Stored dataset items
* * *

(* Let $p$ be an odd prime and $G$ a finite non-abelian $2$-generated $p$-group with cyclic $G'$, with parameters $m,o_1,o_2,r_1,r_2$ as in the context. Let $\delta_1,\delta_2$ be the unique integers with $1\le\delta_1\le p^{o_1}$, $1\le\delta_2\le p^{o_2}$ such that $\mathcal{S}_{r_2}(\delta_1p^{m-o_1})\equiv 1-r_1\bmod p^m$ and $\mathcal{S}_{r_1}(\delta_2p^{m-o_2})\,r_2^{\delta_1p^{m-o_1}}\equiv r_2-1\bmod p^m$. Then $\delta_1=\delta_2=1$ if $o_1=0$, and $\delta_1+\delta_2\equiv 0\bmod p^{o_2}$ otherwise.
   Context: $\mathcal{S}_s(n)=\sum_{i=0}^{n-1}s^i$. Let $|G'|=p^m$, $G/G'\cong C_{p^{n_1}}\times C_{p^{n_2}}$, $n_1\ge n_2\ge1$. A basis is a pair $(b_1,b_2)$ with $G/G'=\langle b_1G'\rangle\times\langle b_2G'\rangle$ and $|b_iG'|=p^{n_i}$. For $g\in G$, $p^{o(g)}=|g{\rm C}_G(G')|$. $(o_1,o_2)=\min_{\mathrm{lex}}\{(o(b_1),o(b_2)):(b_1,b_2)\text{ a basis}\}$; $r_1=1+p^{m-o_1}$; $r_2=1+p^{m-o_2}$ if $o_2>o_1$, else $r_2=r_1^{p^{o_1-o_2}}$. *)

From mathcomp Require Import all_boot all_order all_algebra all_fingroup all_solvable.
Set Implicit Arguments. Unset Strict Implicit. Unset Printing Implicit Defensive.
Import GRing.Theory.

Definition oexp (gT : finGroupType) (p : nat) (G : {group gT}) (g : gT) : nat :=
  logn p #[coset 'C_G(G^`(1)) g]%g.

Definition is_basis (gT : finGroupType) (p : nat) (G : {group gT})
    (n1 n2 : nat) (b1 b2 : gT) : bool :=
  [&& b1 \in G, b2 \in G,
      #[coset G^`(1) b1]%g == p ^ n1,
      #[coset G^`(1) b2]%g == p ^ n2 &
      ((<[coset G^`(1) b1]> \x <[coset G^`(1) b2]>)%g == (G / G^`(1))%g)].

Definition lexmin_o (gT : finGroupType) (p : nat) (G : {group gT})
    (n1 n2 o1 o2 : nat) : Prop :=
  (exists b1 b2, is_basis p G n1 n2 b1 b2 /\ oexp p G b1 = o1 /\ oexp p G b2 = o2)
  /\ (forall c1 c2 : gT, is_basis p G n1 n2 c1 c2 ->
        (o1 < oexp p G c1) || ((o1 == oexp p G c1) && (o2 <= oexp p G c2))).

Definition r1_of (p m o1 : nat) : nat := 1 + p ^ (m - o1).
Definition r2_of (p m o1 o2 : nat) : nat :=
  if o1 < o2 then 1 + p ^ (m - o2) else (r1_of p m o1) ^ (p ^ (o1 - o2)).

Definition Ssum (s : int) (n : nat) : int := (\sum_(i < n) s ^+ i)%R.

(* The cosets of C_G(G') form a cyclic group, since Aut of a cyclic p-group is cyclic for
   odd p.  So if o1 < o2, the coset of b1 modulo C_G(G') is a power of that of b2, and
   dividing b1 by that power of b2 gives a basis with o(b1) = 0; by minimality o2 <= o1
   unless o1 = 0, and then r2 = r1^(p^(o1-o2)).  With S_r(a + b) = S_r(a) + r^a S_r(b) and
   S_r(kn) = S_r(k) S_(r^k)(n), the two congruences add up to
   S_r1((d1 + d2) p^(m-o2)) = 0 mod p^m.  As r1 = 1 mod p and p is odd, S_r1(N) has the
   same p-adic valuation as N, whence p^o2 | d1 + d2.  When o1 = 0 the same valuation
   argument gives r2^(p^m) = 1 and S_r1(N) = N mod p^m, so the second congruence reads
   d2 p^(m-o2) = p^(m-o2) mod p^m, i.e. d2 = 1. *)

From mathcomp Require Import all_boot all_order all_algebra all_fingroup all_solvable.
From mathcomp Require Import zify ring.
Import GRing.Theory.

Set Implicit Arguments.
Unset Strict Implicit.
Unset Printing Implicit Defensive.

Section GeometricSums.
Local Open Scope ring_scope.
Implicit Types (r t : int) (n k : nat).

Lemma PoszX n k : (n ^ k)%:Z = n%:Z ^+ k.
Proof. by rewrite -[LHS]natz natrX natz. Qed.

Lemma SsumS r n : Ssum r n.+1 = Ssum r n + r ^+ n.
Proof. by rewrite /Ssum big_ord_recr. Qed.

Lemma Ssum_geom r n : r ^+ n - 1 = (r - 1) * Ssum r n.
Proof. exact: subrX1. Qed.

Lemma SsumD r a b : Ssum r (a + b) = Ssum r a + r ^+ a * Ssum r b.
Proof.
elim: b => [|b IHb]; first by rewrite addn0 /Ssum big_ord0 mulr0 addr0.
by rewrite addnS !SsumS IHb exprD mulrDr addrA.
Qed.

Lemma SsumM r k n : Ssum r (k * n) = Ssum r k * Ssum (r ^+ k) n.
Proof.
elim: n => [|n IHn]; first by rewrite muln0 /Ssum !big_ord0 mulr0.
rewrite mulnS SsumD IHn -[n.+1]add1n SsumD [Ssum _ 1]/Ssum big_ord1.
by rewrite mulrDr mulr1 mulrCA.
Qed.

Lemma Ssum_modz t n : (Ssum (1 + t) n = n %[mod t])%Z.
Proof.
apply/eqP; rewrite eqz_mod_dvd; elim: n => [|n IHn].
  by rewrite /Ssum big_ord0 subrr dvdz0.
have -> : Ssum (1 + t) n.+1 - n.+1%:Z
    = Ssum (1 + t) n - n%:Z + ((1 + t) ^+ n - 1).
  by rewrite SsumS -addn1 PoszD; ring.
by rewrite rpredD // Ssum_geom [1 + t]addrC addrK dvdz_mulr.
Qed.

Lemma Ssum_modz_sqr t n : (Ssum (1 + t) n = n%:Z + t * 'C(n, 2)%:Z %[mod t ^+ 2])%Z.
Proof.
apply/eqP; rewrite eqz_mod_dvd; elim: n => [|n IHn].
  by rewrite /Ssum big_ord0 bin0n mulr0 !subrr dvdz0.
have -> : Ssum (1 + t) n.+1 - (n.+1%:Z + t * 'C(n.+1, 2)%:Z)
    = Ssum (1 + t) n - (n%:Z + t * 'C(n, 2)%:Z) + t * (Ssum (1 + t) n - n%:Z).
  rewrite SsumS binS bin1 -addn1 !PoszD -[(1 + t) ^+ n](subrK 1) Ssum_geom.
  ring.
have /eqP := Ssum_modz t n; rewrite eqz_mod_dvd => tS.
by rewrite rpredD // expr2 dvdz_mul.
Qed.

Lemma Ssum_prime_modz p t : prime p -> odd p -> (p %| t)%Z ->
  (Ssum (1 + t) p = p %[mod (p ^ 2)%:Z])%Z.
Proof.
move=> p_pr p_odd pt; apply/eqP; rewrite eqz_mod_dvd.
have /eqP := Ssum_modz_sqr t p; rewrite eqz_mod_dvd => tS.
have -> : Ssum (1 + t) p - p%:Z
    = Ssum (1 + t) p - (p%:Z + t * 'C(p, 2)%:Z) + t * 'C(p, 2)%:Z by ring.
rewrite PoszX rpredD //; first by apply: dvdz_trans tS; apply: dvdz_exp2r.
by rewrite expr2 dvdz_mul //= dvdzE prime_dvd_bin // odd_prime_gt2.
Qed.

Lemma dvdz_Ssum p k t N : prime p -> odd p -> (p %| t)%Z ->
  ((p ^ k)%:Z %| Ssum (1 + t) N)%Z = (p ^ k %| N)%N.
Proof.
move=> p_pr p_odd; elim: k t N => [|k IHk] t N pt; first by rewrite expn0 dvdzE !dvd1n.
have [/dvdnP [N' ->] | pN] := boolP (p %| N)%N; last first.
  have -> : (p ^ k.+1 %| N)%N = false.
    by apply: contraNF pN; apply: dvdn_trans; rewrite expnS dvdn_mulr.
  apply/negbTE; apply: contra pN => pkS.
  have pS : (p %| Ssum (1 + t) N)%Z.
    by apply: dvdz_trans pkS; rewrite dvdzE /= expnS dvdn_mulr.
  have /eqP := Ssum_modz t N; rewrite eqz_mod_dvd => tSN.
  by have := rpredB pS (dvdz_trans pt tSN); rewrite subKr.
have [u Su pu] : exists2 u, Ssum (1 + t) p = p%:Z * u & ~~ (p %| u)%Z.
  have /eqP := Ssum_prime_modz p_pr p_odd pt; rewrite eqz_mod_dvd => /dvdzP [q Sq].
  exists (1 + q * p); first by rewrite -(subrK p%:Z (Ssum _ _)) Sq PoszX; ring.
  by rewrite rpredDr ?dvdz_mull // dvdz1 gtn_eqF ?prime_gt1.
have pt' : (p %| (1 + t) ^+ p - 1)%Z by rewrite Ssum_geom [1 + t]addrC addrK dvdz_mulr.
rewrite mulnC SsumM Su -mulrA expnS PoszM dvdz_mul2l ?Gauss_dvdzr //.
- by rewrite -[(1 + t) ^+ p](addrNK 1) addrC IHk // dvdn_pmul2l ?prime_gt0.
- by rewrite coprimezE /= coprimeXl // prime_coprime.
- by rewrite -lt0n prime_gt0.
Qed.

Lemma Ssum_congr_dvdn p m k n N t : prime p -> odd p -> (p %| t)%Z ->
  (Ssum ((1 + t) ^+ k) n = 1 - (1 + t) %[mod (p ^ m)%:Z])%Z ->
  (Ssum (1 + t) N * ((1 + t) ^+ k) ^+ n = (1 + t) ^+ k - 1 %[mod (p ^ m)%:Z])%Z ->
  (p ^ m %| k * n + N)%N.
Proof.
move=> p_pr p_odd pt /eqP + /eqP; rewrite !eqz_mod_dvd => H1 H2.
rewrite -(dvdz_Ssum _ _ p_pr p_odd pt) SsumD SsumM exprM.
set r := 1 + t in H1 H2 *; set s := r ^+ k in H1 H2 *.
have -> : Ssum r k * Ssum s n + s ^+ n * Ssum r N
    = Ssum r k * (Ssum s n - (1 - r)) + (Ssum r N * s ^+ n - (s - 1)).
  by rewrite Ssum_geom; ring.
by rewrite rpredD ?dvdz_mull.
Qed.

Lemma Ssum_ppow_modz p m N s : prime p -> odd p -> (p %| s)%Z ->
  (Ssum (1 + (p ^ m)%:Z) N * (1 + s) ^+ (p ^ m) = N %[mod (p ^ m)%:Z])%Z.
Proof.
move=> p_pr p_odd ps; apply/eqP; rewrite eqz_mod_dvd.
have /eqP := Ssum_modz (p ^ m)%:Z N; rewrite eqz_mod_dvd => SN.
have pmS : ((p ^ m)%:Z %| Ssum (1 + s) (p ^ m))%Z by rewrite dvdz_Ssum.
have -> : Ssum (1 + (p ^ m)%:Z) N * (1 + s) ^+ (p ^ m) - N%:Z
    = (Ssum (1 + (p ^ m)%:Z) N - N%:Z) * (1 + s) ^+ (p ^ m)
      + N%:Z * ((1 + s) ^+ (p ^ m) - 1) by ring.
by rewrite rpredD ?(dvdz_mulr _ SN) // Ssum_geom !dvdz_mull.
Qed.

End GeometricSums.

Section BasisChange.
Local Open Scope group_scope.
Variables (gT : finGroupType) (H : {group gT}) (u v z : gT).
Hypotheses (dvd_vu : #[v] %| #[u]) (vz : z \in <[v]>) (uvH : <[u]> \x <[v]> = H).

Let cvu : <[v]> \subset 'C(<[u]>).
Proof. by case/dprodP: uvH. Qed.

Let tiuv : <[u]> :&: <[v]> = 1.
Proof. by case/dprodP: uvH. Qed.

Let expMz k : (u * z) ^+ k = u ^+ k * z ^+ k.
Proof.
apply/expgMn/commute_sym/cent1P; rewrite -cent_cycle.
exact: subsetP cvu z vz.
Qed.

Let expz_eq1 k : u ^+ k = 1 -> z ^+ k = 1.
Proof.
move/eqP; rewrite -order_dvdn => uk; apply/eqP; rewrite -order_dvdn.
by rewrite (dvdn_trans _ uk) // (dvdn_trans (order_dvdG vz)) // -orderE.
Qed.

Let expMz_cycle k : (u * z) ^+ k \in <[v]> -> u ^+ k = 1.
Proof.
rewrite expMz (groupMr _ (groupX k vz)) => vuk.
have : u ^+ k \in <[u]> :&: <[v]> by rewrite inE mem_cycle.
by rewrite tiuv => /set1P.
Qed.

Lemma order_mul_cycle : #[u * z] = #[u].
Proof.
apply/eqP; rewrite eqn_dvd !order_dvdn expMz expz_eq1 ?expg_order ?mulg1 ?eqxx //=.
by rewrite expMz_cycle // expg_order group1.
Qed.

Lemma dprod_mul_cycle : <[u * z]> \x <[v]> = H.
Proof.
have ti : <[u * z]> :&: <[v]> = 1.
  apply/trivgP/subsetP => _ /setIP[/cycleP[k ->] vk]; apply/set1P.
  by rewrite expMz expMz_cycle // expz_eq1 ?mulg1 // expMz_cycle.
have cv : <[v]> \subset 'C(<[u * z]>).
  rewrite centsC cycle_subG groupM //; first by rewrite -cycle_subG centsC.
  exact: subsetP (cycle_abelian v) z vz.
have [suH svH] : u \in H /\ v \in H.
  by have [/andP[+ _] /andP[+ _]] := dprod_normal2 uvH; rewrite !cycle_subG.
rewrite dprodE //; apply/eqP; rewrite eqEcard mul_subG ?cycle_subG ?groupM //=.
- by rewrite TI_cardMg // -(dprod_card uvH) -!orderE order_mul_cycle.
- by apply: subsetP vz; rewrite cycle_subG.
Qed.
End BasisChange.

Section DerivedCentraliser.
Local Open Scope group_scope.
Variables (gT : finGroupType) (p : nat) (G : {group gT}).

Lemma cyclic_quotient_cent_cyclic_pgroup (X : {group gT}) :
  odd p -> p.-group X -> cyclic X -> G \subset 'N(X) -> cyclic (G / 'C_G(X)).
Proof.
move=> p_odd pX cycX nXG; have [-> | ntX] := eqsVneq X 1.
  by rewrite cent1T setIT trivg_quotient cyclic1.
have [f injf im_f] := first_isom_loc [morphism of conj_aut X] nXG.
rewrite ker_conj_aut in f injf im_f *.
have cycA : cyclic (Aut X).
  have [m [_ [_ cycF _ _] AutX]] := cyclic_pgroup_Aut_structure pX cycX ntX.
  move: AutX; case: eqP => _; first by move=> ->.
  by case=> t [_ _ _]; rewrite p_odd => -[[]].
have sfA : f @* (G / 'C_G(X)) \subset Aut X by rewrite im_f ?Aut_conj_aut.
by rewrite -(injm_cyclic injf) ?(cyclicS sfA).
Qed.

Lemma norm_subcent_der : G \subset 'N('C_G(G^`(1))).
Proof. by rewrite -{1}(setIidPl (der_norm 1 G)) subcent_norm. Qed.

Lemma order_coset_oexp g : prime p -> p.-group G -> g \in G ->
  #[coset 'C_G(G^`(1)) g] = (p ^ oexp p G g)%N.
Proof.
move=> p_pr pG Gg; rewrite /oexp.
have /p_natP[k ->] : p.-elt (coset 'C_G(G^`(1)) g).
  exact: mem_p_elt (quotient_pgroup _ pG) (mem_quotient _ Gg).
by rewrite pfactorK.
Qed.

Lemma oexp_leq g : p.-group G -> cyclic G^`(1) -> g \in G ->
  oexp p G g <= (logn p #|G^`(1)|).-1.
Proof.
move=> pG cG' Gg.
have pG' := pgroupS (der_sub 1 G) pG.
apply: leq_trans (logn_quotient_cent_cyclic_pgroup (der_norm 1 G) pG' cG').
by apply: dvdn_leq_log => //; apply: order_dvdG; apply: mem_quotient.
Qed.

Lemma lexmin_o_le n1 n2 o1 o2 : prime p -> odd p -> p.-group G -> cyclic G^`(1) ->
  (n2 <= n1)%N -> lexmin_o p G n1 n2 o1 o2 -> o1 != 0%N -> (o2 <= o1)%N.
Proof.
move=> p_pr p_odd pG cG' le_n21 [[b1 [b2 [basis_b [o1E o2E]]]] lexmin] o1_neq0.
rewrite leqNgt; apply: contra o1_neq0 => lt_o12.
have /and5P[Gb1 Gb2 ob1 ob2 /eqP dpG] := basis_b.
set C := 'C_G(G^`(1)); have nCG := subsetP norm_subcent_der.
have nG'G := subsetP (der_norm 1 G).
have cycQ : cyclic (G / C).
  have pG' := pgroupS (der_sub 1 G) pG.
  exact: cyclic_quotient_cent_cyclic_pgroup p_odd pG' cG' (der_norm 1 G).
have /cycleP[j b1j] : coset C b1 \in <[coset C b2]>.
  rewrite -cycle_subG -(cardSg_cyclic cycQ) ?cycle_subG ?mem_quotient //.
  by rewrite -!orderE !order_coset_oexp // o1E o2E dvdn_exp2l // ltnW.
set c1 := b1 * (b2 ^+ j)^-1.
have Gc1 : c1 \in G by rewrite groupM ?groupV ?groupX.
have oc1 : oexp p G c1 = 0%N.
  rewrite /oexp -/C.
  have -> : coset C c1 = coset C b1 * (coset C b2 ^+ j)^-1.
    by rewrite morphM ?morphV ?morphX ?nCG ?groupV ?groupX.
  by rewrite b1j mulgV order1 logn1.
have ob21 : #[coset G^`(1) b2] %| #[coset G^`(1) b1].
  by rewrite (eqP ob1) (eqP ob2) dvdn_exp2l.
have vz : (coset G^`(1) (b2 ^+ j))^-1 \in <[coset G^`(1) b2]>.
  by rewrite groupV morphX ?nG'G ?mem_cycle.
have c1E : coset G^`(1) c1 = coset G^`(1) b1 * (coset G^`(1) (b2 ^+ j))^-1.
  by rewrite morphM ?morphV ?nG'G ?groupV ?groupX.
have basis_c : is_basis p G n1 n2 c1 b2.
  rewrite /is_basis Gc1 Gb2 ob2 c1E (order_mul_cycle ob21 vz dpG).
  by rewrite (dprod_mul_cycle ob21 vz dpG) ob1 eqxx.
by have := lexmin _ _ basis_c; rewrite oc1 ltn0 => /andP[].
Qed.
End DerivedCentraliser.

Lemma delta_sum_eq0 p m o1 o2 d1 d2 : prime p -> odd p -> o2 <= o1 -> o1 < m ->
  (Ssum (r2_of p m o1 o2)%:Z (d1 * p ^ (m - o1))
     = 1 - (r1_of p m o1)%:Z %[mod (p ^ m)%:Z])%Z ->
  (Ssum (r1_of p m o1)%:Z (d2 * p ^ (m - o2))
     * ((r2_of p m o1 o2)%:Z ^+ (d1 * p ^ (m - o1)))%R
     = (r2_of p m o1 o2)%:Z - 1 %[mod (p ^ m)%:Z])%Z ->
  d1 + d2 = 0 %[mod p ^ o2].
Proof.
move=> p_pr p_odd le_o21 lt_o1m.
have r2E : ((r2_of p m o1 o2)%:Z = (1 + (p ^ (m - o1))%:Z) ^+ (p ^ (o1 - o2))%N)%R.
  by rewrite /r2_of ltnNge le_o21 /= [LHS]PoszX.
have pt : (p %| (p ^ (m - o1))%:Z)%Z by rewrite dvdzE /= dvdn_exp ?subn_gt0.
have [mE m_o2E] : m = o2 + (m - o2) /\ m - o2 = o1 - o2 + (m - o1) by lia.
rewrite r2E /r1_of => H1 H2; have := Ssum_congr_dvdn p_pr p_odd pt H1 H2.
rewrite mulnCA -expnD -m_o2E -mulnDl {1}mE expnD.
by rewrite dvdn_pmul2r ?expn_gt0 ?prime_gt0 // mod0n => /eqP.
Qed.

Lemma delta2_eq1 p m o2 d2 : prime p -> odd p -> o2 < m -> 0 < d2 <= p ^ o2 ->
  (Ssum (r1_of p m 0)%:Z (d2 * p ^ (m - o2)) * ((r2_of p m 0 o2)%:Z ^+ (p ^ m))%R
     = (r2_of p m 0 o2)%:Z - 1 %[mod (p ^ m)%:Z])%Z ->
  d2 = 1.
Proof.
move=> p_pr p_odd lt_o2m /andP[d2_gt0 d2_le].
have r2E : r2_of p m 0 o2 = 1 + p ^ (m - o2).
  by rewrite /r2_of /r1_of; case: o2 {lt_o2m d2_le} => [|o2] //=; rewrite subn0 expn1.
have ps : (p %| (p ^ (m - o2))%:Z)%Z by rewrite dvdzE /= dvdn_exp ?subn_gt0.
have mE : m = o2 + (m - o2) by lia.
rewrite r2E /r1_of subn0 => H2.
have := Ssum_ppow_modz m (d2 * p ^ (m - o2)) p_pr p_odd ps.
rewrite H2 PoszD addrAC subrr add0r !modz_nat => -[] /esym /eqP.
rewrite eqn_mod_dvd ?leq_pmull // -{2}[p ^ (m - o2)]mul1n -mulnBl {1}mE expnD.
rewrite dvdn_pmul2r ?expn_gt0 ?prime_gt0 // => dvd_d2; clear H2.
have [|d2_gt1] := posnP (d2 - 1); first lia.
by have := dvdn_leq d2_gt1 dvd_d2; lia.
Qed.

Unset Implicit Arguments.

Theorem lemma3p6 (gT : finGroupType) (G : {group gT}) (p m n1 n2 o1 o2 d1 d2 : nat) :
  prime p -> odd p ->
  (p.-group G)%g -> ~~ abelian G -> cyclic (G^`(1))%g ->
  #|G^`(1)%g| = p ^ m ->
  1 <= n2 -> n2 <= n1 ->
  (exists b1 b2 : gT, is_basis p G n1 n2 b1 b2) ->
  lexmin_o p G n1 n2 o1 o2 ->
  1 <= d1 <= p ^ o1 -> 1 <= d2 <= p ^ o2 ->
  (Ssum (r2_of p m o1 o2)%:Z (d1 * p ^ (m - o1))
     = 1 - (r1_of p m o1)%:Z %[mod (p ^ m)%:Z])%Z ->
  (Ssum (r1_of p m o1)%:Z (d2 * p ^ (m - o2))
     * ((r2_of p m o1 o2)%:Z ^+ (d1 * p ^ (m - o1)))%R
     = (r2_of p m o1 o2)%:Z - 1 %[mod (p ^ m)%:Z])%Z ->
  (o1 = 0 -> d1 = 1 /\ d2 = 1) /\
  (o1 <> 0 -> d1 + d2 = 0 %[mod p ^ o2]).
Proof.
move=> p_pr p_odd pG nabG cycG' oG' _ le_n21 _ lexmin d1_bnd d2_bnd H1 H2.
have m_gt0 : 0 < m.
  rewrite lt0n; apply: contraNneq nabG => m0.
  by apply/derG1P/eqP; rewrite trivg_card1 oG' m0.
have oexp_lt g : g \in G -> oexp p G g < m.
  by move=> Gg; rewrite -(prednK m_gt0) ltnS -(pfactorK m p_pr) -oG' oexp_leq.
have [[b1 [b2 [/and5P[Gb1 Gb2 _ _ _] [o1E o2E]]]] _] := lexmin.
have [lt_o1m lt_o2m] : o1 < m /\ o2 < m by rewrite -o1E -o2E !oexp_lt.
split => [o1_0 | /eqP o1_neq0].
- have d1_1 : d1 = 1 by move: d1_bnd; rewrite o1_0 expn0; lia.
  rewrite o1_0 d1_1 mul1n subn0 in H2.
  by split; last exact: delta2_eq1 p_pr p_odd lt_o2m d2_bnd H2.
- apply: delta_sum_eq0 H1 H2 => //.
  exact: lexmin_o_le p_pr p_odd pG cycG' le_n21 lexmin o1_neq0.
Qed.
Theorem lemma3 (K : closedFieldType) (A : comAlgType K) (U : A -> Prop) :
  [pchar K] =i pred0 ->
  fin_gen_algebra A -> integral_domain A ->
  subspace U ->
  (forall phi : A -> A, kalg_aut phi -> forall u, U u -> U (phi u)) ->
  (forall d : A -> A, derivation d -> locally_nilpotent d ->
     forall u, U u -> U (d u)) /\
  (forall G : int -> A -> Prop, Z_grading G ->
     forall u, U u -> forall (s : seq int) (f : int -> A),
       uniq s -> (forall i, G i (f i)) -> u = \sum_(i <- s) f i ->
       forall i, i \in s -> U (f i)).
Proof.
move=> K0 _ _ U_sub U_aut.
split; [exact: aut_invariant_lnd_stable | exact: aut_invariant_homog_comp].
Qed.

* * *

» YOUR ASSIGNMENT
Whenever a line in the data above contains the word "case", include it in the tally, and report only the final number.

» EXERCISE ANSWER
5